=== Dataset content ===

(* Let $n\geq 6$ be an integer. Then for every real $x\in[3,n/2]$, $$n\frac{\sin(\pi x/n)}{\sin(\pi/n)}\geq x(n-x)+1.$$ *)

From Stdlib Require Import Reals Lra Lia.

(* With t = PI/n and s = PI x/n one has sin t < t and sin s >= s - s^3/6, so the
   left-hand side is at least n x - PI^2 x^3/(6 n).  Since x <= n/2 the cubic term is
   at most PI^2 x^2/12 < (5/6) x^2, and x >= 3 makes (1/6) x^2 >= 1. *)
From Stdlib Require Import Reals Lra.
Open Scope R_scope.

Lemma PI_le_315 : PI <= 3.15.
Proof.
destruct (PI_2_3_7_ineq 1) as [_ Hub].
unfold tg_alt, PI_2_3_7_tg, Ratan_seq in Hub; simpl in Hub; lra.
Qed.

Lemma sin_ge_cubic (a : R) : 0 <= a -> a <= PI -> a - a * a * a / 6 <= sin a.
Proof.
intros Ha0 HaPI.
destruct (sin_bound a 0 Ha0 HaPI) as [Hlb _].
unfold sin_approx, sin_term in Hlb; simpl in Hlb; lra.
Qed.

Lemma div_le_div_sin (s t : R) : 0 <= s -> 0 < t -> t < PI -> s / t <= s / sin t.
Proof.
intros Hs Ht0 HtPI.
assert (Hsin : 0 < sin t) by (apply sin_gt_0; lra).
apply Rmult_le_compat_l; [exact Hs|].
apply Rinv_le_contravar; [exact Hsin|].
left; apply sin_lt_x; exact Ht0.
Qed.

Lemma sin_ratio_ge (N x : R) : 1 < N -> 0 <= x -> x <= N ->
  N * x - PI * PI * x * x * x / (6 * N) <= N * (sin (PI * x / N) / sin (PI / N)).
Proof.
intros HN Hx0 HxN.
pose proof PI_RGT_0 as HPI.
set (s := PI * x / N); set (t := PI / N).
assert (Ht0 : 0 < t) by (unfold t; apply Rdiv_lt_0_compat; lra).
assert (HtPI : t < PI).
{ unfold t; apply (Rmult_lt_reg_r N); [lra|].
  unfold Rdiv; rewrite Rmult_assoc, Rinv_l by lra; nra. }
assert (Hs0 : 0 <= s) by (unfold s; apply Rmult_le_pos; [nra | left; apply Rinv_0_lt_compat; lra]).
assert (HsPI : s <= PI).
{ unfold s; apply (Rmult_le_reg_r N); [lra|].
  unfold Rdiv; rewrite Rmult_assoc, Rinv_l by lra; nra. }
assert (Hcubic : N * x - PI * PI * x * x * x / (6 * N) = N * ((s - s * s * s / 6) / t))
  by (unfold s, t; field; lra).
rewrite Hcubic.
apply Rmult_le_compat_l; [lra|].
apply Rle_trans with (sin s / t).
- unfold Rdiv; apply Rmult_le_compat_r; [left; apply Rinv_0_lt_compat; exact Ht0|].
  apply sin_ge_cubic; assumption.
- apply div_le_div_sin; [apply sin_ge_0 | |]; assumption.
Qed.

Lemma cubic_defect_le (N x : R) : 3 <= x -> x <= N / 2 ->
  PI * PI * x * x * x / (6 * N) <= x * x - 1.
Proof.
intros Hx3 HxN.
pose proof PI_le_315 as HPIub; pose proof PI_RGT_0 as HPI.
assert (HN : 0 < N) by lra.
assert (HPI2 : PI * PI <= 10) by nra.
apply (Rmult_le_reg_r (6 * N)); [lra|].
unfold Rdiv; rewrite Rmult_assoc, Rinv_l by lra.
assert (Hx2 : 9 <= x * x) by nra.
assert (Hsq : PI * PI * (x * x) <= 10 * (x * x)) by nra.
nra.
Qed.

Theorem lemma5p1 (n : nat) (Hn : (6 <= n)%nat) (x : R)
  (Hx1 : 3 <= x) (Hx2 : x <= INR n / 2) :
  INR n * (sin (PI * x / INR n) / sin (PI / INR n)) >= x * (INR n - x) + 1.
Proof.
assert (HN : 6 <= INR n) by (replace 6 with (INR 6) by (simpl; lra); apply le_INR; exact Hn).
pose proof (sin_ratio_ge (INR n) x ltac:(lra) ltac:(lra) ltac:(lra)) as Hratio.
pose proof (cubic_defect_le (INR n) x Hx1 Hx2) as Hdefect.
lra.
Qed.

===
=== Dataset content ===

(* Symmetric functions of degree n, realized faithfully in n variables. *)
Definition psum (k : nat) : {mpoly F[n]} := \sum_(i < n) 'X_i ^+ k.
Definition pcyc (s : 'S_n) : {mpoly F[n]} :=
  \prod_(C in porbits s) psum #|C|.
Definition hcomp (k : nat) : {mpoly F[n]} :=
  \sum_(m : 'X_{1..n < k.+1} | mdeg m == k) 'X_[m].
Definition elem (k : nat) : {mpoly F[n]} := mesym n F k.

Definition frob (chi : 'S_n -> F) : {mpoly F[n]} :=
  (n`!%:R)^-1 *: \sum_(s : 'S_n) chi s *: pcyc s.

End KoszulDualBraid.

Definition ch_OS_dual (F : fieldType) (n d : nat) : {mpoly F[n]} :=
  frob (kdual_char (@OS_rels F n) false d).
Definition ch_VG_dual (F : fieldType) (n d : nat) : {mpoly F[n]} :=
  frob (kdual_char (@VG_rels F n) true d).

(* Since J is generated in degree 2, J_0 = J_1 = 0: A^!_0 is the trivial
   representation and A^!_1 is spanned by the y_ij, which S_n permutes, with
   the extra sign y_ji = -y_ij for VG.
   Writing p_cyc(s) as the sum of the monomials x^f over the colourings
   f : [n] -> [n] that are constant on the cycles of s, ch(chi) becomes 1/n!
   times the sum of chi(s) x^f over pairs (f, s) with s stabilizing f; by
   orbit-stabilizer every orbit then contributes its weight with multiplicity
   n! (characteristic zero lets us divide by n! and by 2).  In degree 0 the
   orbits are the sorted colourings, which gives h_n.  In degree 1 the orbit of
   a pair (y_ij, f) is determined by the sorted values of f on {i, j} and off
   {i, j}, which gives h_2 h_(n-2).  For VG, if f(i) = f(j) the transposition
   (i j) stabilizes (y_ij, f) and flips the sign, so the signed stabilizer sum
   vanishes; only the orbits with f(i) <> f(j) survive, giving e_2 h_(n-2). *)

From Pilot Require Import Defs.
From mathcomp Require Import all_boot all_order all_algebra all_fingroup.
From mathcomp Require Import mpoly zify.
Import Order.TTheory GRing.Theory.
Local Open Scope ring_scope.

===
=== Dataset content ===

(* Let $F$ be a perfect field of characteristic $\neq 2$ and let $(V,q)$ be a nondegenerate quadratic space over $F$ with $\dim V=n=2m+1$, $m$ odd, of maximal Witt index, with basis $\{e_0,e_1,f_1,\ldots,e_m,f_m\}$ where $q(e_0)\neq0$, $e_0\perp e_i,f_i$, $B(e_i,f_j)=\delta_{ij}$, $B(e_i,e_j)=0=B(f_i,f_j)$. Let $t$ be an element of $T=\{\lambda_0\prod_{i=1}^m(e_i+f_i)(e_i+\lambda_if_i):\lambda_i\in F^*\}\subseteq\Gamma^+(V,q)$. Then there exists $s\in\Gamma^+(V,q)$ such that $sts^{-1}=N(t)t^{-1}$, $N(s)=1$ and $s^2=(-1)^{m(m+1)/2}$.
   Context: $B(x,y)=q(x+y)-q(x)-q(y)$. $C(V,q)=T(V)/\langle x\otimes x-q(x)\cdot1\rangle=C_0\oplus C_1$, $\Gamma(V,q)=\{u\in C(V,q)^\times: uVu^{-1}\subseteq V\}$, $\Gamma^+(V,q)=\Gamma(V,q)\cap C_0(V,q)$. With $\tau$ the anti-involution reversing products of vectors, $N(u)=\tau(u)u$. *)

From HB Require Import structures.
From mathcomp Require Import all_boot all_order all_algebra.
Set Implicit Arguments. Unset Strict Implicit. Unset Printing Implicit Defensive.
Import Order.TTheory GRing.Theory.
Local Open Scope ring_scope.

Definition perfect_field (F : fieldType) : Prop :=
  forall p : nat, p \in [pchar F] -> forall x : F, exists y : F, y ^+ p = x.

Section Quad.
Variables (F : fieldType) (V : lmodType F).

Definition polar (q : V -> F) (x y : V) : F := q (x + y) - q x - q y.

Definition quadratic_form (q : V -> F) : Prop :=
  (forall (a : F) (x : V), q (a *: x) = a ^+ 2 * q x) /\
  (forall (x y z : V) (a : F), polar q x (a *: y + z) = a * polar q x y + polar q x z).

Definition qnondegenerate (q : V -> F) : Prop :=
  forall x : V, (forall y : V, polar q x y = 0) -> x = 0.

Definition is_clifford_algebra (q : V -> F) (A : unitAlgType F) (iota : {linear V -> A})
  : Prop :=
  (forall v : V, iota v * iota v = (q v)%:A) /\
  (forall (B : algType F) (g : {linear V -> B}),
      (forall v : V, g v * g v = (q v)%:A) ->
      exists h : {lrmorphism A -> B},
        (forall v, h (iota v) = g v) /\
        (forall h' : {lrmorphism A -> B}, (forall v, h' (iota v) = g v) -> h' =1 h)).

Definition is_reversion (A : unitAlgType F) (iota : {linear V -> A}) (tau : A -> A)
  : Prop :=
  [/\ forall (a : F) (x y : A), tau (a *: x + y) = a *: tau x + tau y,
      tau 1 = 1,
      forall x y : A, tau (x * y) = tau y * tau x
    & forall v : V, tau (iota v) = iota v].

===

Problem statement:
I need every line of the data that has the word "linear"; please list them.

Written response:
Definition is_clifford_algebra (q : V -> F) (A : unitAlgType F) (iota : {linear V -> A})
  (forall (B : algType F) (g : {linear V -> B}),
Definition is_reversion (A : unitAlgType F) (iota : {linear V -> A}) (tau : A -> A)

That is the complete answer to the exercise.